[Dataset records]

___

Lemma bump_at_dyadic m J : bump m (INR J / 2 ^ m) = 0.
Proof.
  unfold bump. assert (0 < 2 ^ m) by (apply pow_lt; lra).
  replace (PI * 2 ^ m * (INR J / 2 ^ m)) with (IZR (Z.of_nat J) * PI)
    by (rewrite <- INR_IZR_INZ; field; lra).
  rewrite sin_eq_0_1 by (eexists; reflexivity). rewrite Rabs_R0. unfold Rdiv; ring.
Qed.

Lemma bump_at_dyadic_mid m J : bump m (INR J / 2 ^ m + / (2 * 2 ^ m)) = / (PI * 2 ^ m).
Proof.
  unfold bump. assert (0 < 2 ^ m) by (apply pow_lt; lra). pose proof PI_RGT_0.
  replace (PI * 2 ^ m * (INR J / 2 ^ m + / (2 * 2 ^ m))) with (IZR (Z.of_nat J) * PI + PI / 2)
    by (rewrite <- INR_IZR_INZ; field; lra).
  set (z := IZR (Z.of_nat J) * PI + PI / 2).
  assert (Hc : cos z = 0) by (apply cos_eq_0_1; eexists; reflexivity).
  pose proof (sin2_cos2 z). rewrite Hc in H1. unfold Rsqr in H1.
  assert (Rabs (sin z) = 1).
  { pose proof (Rabs_pos (sin z)). assert (Rabs (sin z) * Rabs (sin z) = 1).
    { rewrite <- Rabs_mult. rewrite Rabs_right; lra. }
    nra. }
  rewrite H2. unfold Rdiv; ring.
Qed.

Lemma bump_at_next_dyadic m J : bump m (INR J / 2 ^ m + 2 * / (2 * 2 ^ m)) = 0.
Proof.
  replace (INR J / 2 ^ m + 2 * / (2 * 2 ^ m)) with (INR (S J) / 2 ^ m).
  - apply bump_at_dyadic.
  - assert (0 < 2 ^ m) by (apply pow_lt; lra). rewrite S_INR. field. lra.
Qed.

Lemma acoef_pos p m : (1 <= m)%nat -> 0 < acoef p m.
Proof.
  intros Hm. apply rpow_gt0. unfold bcoef. destruct (Nat.eqb_spec m 0); [lia|].
  pose proof (dyadic_weight_pos m); lra.
Qed.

___

TASK: From the first line of the data through the line with "Lemma bump_at_next_dyadic m", quote each line exactly and add nothing else.

TASK OUTPUT:
Lemma bump_at_dyadic m J : bump m (INR J / 2 ^ m) = 0.
Proof.
  unfold bump. assert (0 < 2 ^ m) by (apply pow_lt; lra).
  replace (PI * 2 ^ m * (INR J / 2 ^ m)) with (IZR (Z.of_nat J) * PI)
    by (rewrite <- INR_IZR_INZ; field; lra).
  rewrite sin_eq_0_1 by (eexists; reflexivity). rewrite Rabs_R0. unfold Rdiv; ring.
Qed.

Lemma bump_at_dyadic_mid m J : bump m (INR J / 2 ^ m + / (2 * 2 ^ m)) = / (PI * 2 ^ m).
Proof.
  unfold bump. assert (0 < 2 ^ m) by (apply pow_lt; lra). pose proof PI_RGT_0.
  replace (PI * 2 ^ m * (INR J / 2 ^ m + / (2 * 2 ^ m))) with (IZR (Z.of_nat J) * PI + PI / 2)
    by (rewrite <- INR_IZR_INZ; field; lra).
  set (z := IZR (Z.of_nat J) * PI + PI / 2).
  assert (Hc : cos z = 0) by (apply cos_eq_0_1; eexists; reflexivity).
  pose proof (sin2_cos2 z). rewrite Hc in H1. unfold Rsqr in H1.
  assert (Rabs (sin z) = 1).
  { pose proof (Rabs_pos (sin z)). assert (Rabs (sin z) * Rabs (sin z) = 1).
    { rewrite <- Rabs_mult. rewrite Rabs_right; lra. }
    nra. }
  rewrite H2. unfold Rdiv; ring.
Qed.

Lemma bump_at_next_dyadic m J : bump m (INR J / 2 ^ m + 2 * / (2 * 2 ^ m)) = 0.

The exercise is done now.